Copy, from the material below, every line in which the word "execution" can be found.

RECORDS FOR THE EXERCISE:
━━━━
(* Consider a system with a finite set $S$ of tasks, periods $\tau_X$, frame length $T=\mathrm{lcm}\{\tau_X : X\in S\}$, per-execution rewards $r^1_X\ge r^2_X\ge\dots\ge r^{\tau_X}_X\ge 0$ and minimum average reward requirements $q^*_X>0$ (as described in the context). The system is feasible only if there exist real numbers $\{f^i_X : X\in S,\ 1\le i\le \tau_X\}$ such that (1) $q^*_X\le \sum_{i=1}^{\tau_X} f^i_X r^i_X$ for all $X\in S$; (2) $0\le f^i_X\le T/\tau_X$ for all $X\in S$ and $1\le i\le\tau_X$; (3) $\sum_{X\in S}\sum_{i=1}^{\tau_X} f^i_X\le T$.
   Context: A system consists of a finite set $S$ of tasks. Time is slotted, $t\in\{0,1,2,\dots\}$. Each task $X\in S$ has a period $\tau_X$ (a positive integer); time is partitioned into consecutive periods of $X$ of $\tau_X$ slots each, the first starting at $t=0$. In each period, task $X$ has one job, which is removed from the system at the end of that period. Let $T$ be the least common multiple of $\{\tau_X : X\in S\}$; time is partitioned into consecutive frames of $T$ slots each, the first starting at $t=0$, so each frame contains $T/\tau_X$ periods of $X$. A scheduling policy (possibly randomized, possibly history dependent) chooses in each time slot either to idle or to execute the job of exactly one task; a job may be executed in any number of slots within its period. Each task $X$ has rewards $r^1_X\ge r^2_X\ge\dots\ge r^{\tau_X}_X\ge 0$: when the job of $X$ is executed for the $i$-th time within a period, $X$ obtains reward $r^i_X$. Let $s_X(t)$ be the total reward obtained by $X$ between time $0$ and time $t$; the average reward of $X$ is $q_X=\liminf_{t\to\infty} s_X(t)/(t/T)$. Each task has a minimum average reward requirement $q^*_X>0$. A policy fulfills the system if under it $q_X\ge q^*_X$ with probability 1 for all $X\in S$. The system is feasible if some scheduling policy fulfills it. *)

From HB Require Import structures.
From mathcomp Require Import all_boot all_order all_algebra.
From mathcomp Require Import all_classical all_reals all_analysis.
Set Implicit Arguments. Unset Strict Implicit. Unset Printing Implicit Defensive.
Import Order.TTheory GRing.Theory Num.Theory.
Local Open Scope ring_scope.

(* A schedule: in slot t, [sched t = None] means idle, [Some X] means the job
   of task X (of its current period) is executed. *)

Definition frame_len (S : finType) (tau : S -> nat) : nat :=
  \big[lcmn/1%N]_(X : S) tau X.

(* Number of slots u' of the current period of X containing slot u with
   u' <= u in which X is executed: if X is executed at u, this is i such that
   this is the i-th execution of X's job within its period. *)
Definition exec_index (S : finType) (tau : S -> nat) (sched : nat -> option S)
    (X : S) (u : nat) : nat :=
  (\sum_((u %/ tau X) * tau X <= v < u.+1) (sched v == Some X))%N.

Definition slot_reward (R : realType) (S : finType) (tau : S -> nat)
    (r : S -> nat -> R) (sched : nat -> option S) (X : S) (u : nat) : R :=
  if sched u == Some X then r X (exec_index tau sched X u) else 0.

Definition total_reward (R : realType) (S : finType) (tau : S -> nat)
    (r : S -> nat -> R) (sched : nat -> option S) (X : S) (t : nat) : R :=
  \sum_(u < t) slot_reward tau r sched X u.

Definition avg_reward (R : realType) (S : finType) (tau : S -> nat)
    (r : S -> nat -> R) (sched : nat -> option S) (X : S) : \bar R :=
  limn_einf (fun t : nat =>
    ((total_reward tau r sched X t) / (t%:R / (frame_len tau)%:R))%:E).

(* A (realisation of a possibly randomized, history dependent) policy is a
   random schedule on some probability space; it fulfills the system if
   q_X >= q*_X for all X, almost surely. *)
Definition fulfills (R : realType) (S : finType) (tau : S -> nat)
    (r : S -> nat -> R) (qstar : S -> R)
    (d : measure_display) (Omega : measurableType d)
    (P : probability Omega R) (sched : Omega -> nat -> option S) : Prop :=
  {ae P, forall w, forall X : S, ((qstar X)%:E <= avg_reward tau r (sched w) X)%E}.

Definition feasible (R : realType) (S : finType) (tau : S -> nat)
    (r : S -> nat -> R) (qstar : S -> R) : Prop :=
  exists (d : measure_display) (Omega : measurableType d)
         (P : probability Omega R) (sched : Omega -> nat -> option S),
    fulfills tau r qstar P sched.

(* Fix one realisation of the policy meeting all requirements; it exists
   because they hold almost surely.  For K frames, let f(K)^i_X be the number
   of slots among the first K frames in which X executes the i-th job of its
   period, divided by K.  A period contains at most one such slot, so
   f(K)^i_X lies in [0, T/tau_X]; at most one task runs per slot, so the
   f(K)^i_X sum to at most T; and sum_i f(K)^i_X r^i_X is the reward of X per
   frame over the first K frames.  By Tychonoff the sequence f(K) has a
   cluster point f; the closed constraints (2) and (3) pass to f, and so does
   (1) because the liminf of the reward per frame is at least q*_X. *)

From HB Require Import structures.
From mathcomp Require Import all_boot all_order all_algebra.
From mathcomp Require Import all_classical all_reals all_analysis.
From mathcomp Require Import lra.
Set Implicit Arguments. Unset Strict Implicit. Unset Printing Implicit Defensive.
Import Order.TTheory GRing.Theory Num.Theory.
Import numFieldNormedType.Exports.
Local Open Scope ring_scope.

Section ExecCount.
Variables (S : finType) (tau : S -> nat) (sched : nat -> option S).
Hypothesis tau_pos : forall X, (0 < tau X)%N.

Lemma exec_index_bounds X u : sched u = Some X ->
  (1 <= exec_index tau sched X u <= tau X)%N.
Proof.
move=> su; rewrite /exec_index big_nat_recr ?leq_divM //= su eqxx addn1 ltnS /=.
have count_le : (\sum_(u %/ tau X * tau X <= v < u) (sched v == Some X)
    <= \sum_(u %/ tau X * tau X <= v < u) 1)%N.
  by apply: leq_sum => v _; exact: leq_b1.
apply: (leq_ltn_trans count_le).
by rewrite sum_nat_const_nat muln1 {1}(divn_eq u (tau X)) addKn ltn_pmod.
Qed.

Lemma ltn_exec_index X u v : sched v = Some X -> (u < v)%N ->
  (u %/ tau X = v %/ tau X)%N ->
  (exec_index tau sched X u < exec_index tau sched X v)%N.
Proof.
move=> sv uv same_period; rewrite /exec_index -same_period.
have start_le : (u %/ tau X * tau X <= u.+1)%N by rewrite leqW ?leq_divM.
rewrite (@big_cat_nat _ _ _ u.+1 _ v.+1) //=; last exact: ltnW.
by rewrite [X in (_ < _ + X)%N]big_nat_recr //= sv eqxx addn1 addnS ltnS leq_addr.
Qed.

Definition exec_count n X i : nat :=
  \sum_(u < n) ((sched u == Some X) && (exec_index tau sched X u == i)).

(* At most one such slot per period, since the execution index strictly
   increases within a period. *)
Lemma exec_count_le n X i : (tau X %| n)%N -> (exec_count n X i <= n %/ tau X)%N.
Proof.
move=> dvd_n.
pose A := [pred u : 'I_n | (sched u == Some X) && (exec_index tau sched X u == i)].
have -> : exec_count n X i = #|A|.
  rewrite /exec_count -sum1_card [RHS]big_mkcond /=.
  by apply: eq_bigr => u _; rewrite inE; case: (_ && _).
have period_lt (u : 'I_n) : (u %/ tau X < n %/ tau X)%N.
  by rewrite ltn_divLR // divnK.
rewrite -[X in (_ <= X)%N]card_ord.
apply: (@leq_card_in _ _ (fun u => Ordinal (period_lt u))) => u v.
rewrite !inE => /andP[/eqP su /eqP iu] /andP[/eqP sv /eqP iv] [] same_period.
case: (ltngtP u v) => [uv|vu|/val_inj //].
- by have := ltn_exec_index sv uv same_period; rewrite iu iv ltnn.
- by have := ltn_exec_index su vu (esym same_period); rewrite iu iv ltnn.
Qed.

Lemma sum_exec_count n X : (\sum_(1 <= i < (tau X).+1) exec_count n X i)%N =
  (\sum_(u < n) (sched u == Some X))%N.
Proof.
rewrite exchange_big /=; apply: eq_bigr => u _.
case: eqP => [su|_] /=; last by rewrite big1.
rewrite (eq_bigr (fun i => if i == exec_index tau sched X u then 1 else 0)%N).
  by rewrite -big_mkcond big_nat1_eq ltnS exec_index_bounds.
by move=> i _; rewrite eq_sym; case: eqP.
Qed.

Lemma sum_exec_count_le n :
  (\sum_(X : S) \sum_(1 <= i < (tau X).+1) exec_count n X i <= n)%N.
Proof.
under eq_bigr do rewrite sum_exec_count.
rewrite exchange_big /= -[X in (_ <= X)%N]card_ord -sum1_card.
apply: leq_sum => u _; case: (sched u) => [Y|]; last by rewrite big1.
rewrite (bigD1 Y) //= eqxx big1 // => X /negbTE.
by rewrite eq_sym (inj_eq (@Some_inj _)) => ->.
Qed.

Lemma total_reward_exec_count (R : realType) (r : S -> nat -> R) n X :
  total_reward tau r sched X n =
  \sum_(1 <= i < (tau X).+1) (exec_count n X i)%:R * r X i.
Proof.
under [RHS]eq_bigr do rewrite natr_sum mulr_suml.
rewrite exchange_big /=; apply: eq_bigr => u _; rewrite /slot_reward.
case: eqP => [su|_] /=; last by rewrite big1 // => i _; rewrite mul0r.
under eq_bigr do rewrite mulrC mulr_natr mulrb eq_sym.
by rewrite -big_mkcond big_nat1_eq ltnS exec_index_bounds.
Qed.

End ExecCount.

Lemma ae_exists d (T : measurableType d) (R : realType)
    (mu : {measure set T -> \bar R}) (Q : T -> Prop) :
  mu setT != 0%E -> {ae mu, forall w, Q w} -> exists w, Q w.
Proof.
move=> muT0 [A [mA muA0 notQ_A]]; apply: contrapT => noQ.
have : (mu setT <= mu A)%E.
  by apply: le_measure; rewrite ?inE // => w _; apply: notQ_A => Qw; apply: noQ; exists w.
by rewrite muA0 => muT_le0; move: muT0; rewrite eq_le muT_le0 measure_ge0.
Qed.

Lemma limn_einf_ge_eventually (R : realType) (v : (\bar R)^nat) (a e : R) :
  0 < e -> (a%:E <= limn_einf v)%E ->
  exists N, forall n, (N <= n)%N -> ((a - e)%:E <= v n)%E.
Proof.
move=> e_gt0; rewrite limn_einf_lim => a_le.
have [[N infN]|no_N] := pselect (exists N, ((a - e)%:E < einfs v N)%E).
  by exists N => n Nn; apply: le_trans (ltW infN) _; apply: ereal_inf_lbound; exists n.
have : (limn (einfs v) <= (a - e)%:E)%E.
  apply: lime_le; first exact: is_cvg_einfs.
  by apply: nearW => N; rewrite leNgt; apply/negP => ?; apply: no_N; exists N.
by move=> /(le_trans a_le); rewrite lee_fin; lra.
Qed.

Local Open Scope classical_set_scope.

Lemma cluster_continuous_closed (T U : topologicalType) (F : set_system T)
    (h : T -> U) (C : set U) g :
  continuous h -> closed C -> cluster F g -> F (h @^-1` C) -> C (h g).
Proof.
move=> h_cont C_closed; rewrite clusterE => g_cl FC.
have hC_closed : closed (h @^-1` C) by apply: preimage_closed => // x _; exact: h_cont.
by have := g_cl _ FC; rewrite -((closure_id _).1 hC_closed).
Qed.

Lemma frame_len_gt0 (S : finType) (tau : S -> nat) :
  (forall X, 0 < tau X)%N -> (0 < frame_len tau)%N.
Proof.
move=> tau_pos; apply: (big_ind (fun m => 0 < m)%N) => // m n m_gt0 n_gt0.
by rewrite lcmn_gt0 m_gt0.
Qed.

Lemma dvdn_frame_len (S : finType) (tau : S -> nat) X : (tau X %| frame_len tau)%N.
Proof. exact: biglcmn_sup. Qed.

Section FixedSchedule.
Import ArrowAsProduct.
Variables (R : realType) (S : finType) (tau : S -> nat) (r : S -> nat -> R)
  (sched : nat -> option S).
Hypothesis tau_pos : forall X, (0 < tau X)%N.
Local Notation T := (frame_len tau).

Definition exec_freq (K : nat) (j : S * nat) : R :=
  (exec_count tau sched (K * T) j.1 j.2)%:R / K%:R.

Definition freq_box : set (S * nat -> R) :=
  [set g | forall j, `[0, (T %/ tau j.1)%:R]%classic (g j)].

Definition reward_rate (g : S * nat -> R) X := \sum_(1 <= i < (tau X).+1) g (X, i) * r X i.

Definition load (g : S * nat -> R) := \sum_(X : S) \sum_(1 <= i < (tau X).+1) g (X, i).

Lemma compact_freq_box : compact freq_box.
Proof. exact: (tychonoff (fun j => @segment_compact R _ _)). Qed.

Lemma exec_freq_box K : freq_box (exec_freq K).
Proof.
move=> j; rewrite /= in_itv /= /exec_freq divr_ge0 //=.
have [->|K_gt0] := posnP K; first by rewrite invr0 mulr0.
rewrite ler_pdivrMr ?ltr0n // -natrM ler_nat divn_mulAC ?dvdn_frame_len // [(T * K)%N]mulnC.
by apply: exec_count_le => //; rewrite dvdn_mull ?dvdn_frame_len.
Qed.

Lemma continuous_reward_rate X : continuous (reward_rate ^~ X).
Proof.
apply: (continuous_big add_continuous) => i _ g.
by apply: continuousM; [exact: proj_continuous | exact: cst_continuous].
Qed.

Lemma continuous_load : continuous load.
Proof.
apply: (continuous_big add_continuous) => X _.
by apply: (continuous_big add_continuous) => i _; exact: proj_continuous.
Qed.

Lemma reward_rate_exec_freq K X :
  reward_rate (exec_freq K) X = total_reward tau r sched X (K * T) / K%:R.
Proof.
rewrite (total_reward_exec_count _ tau_pos) mulr_suml.
by apply: eq_bigr => i _; rewrite mulrAC.
Qed.

Lemma load_exec_freq K : (0 < K)%N -> load (exec_freq K) <= T%:R.
Proof.
move=> K_gt0; rewrite /load /exec_freq /=.
under eq_bigr do rewrite -mulr_suml -natr_sum.
rewrite -mulr_suml -natr_sum ler_pdivrMr ?ltr0n // -natrM ler_nat mulnC.
exact: sum_exec_count_le.
Qed.

Lemma exec_freq_cluster : exists2 g, freq_box g & cluster (exec_freq @ \oo) g.
Proof.
have [g [g_box g_cluster]] : (freq_box `&` cluster (exec_freq @ \oo)) !=set0.
  by apply: compact_freq_box; exists 0%N => // K _; exact: exec_freq_box.
by exists g.
Qed.

Lemma cluster_reward_rate_ge g (q : R) X :
  cluster (exec_freq @ \oo) g -> (q%:E <= avg_reward tau r sched X)%E ->
  q <= reward_rate g X.
Proof.
move=> g_cluster q_le_avg; apply/ler_addgt0Pr => e e_gt0; rewrite -lerBlDr.
have [N avgN] := limn_einf_ge_eventually e_gt0 q_le_avg.
apply: (cluster_continuous_closed (continuous_reward_rate (X:=X)) (@closed_ge _ _) g_cluster).
exists N.+1 => // K /= N_lt_K.
have T_gt0 := frame_len_gt0 tau_pos.
have := avgN (K * T)%N (leq_trans (ltnW N_lt_K) (leq_pmulr _ T_gt0)).
by rewrite reward_rate_exec_freq lee_fin natrM mulfK // pnatr_eq0 -lt0n.
Qed.

Lemma cluster_load_le g : cluster (exec_freq @ \oo) g -> load g <= T%:R.
Proof.
move=> g_cluster.
apply: (cluster_continuous_closed continuous_load (@closed_le _ _) g_cluster).
by exists 1%N => // K /= K_gt0; exact: load_exec_freq.
Qed.

End FixedSchedule.

Definition relaxed_schedule (R : realType) (S : finType) (tau : S -> nat)
    (r : S -> nat -> R) (qstar : S -> R) (f : S -> nat -> R) : Prop :=
  [/\ (forall X, qstar X <= \sum_(1 <= i < (tau X).+1) f X i * r X i),
      (forall X i, (1 <= i <= tau X)%N ->
         0 <= f X i /\ f X i <= (frame_len tau)%:R / (tau X)%:R) &
      \sum_(X : S) \sum_(1 <= i < (tau X).+1) f X i <= (frame_len tau)%:R].

Lemma relaxed_schedule_of_schedule (R : realType) (S : finType) (tau : S -> nat)
    (r : S -> nat -> R) (qstar : S -> R) (sched : nat -> option S) :
  (forall X, 0 < tau X)%N ->
  (forall X, ((qstar X)%:E <= avg_reward tau r sched X)%E) ->
  exists f, relaxed_schedule tau r qstar f.
Proof.
move=> tau_pos q_le_avg.
have [g g_box g_cluster] := exec_freq_cluster R sched tau_pos.
exists (fun X i => g (X, i)); split.
- by move=> X; exact: (cluster_reward_rate_ge tau_pos g_cluster (q_le_avg X)).
- move=> X i _; have := g_box (X, i); rewrite /= in_itv /= => /andP[g_ge0 g_le].
  by rewrite -natr_div ?dvdn_frame_len // unitfE pnatr_eq0 -lt0n tau_pos.
- exact: (cluster_load_le tau_pos g_cluster).
Qed.

Theorem lemma1 (R : realType) (S : finType) (tau : S -> nat)
    (r : S -> nat -> R) (qstar : S -> R)
    (tau_pos : forall X, (0 < tau X)%N)
    (r_noninc : forall X i, (1 <= i)%N -> (i < tau X)%N -> r X i.+1 <= r X i)
    (r_nonneg : forall X i, (1 <= i <= tau X)%N -> 0 <= r X i)
    (qstar_pos : forall X, 0 < qstar X) :
  feasible tau r qstar ->
  exists f : S -> nat -> R,
    [/\ (forall X, qstar X <= \sum_(1 <= i < (tau X).+1) f X i * r X i),
        (forall X i, (1 <= i <= tau X)%N ->
           0 <= f X i /\ f X i <= (frame_len tau)%:R / (tau X)%:R) &
        \sum_(X : S) \sum_(1 <= i < (tau X).+1) f X i <= (frame_len tau)%:R].
Proof.
move=> [d [W [P [sched fulfilled]]]].
have P_neq0 : P setT != 0%E by rewrite probability_setT onee_neq0.
have [w q_le_avg] := ae_exists P_neq0 fulfilled.
exact: relaxed_schedule_of_schedule tau_pos q_le_avg.
Qed.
━━━━
RESPONSE BOX:
(* Consider a system with a finite set $S$ of tasks, periods $\tau_X$, frame length $T=\mathrm{lcm}\{\tau_X : X\in S\}$, per-execution rewards $r^1_X\ge r^2_X\ge\dots\ge r^{\tau_X}_X\ge 0$ and minimum average reward requirements $q^*_X>0$ (as described in the context). The system is feasible only if there exist real numbers $\{f^i_X : X\in S,\ 1\le i\le \tau_X\}$ such that (1) $q^*_X\le \sum_{i=1}^{\tau_X} f^i_X r^i_X$ for all $X\in S$; (2) $0\le f^i_X\le T/\tau_X$ for all $X\in S$ and $1\le i\le\tau_X$; (3) $\sum_{X\in S}\sum_{i=1}^{\tau_X} f^i_X\le T$.
   this is the i-th execution of X's job within its period. *)
(* At most one such slot per period, since the execution index strictly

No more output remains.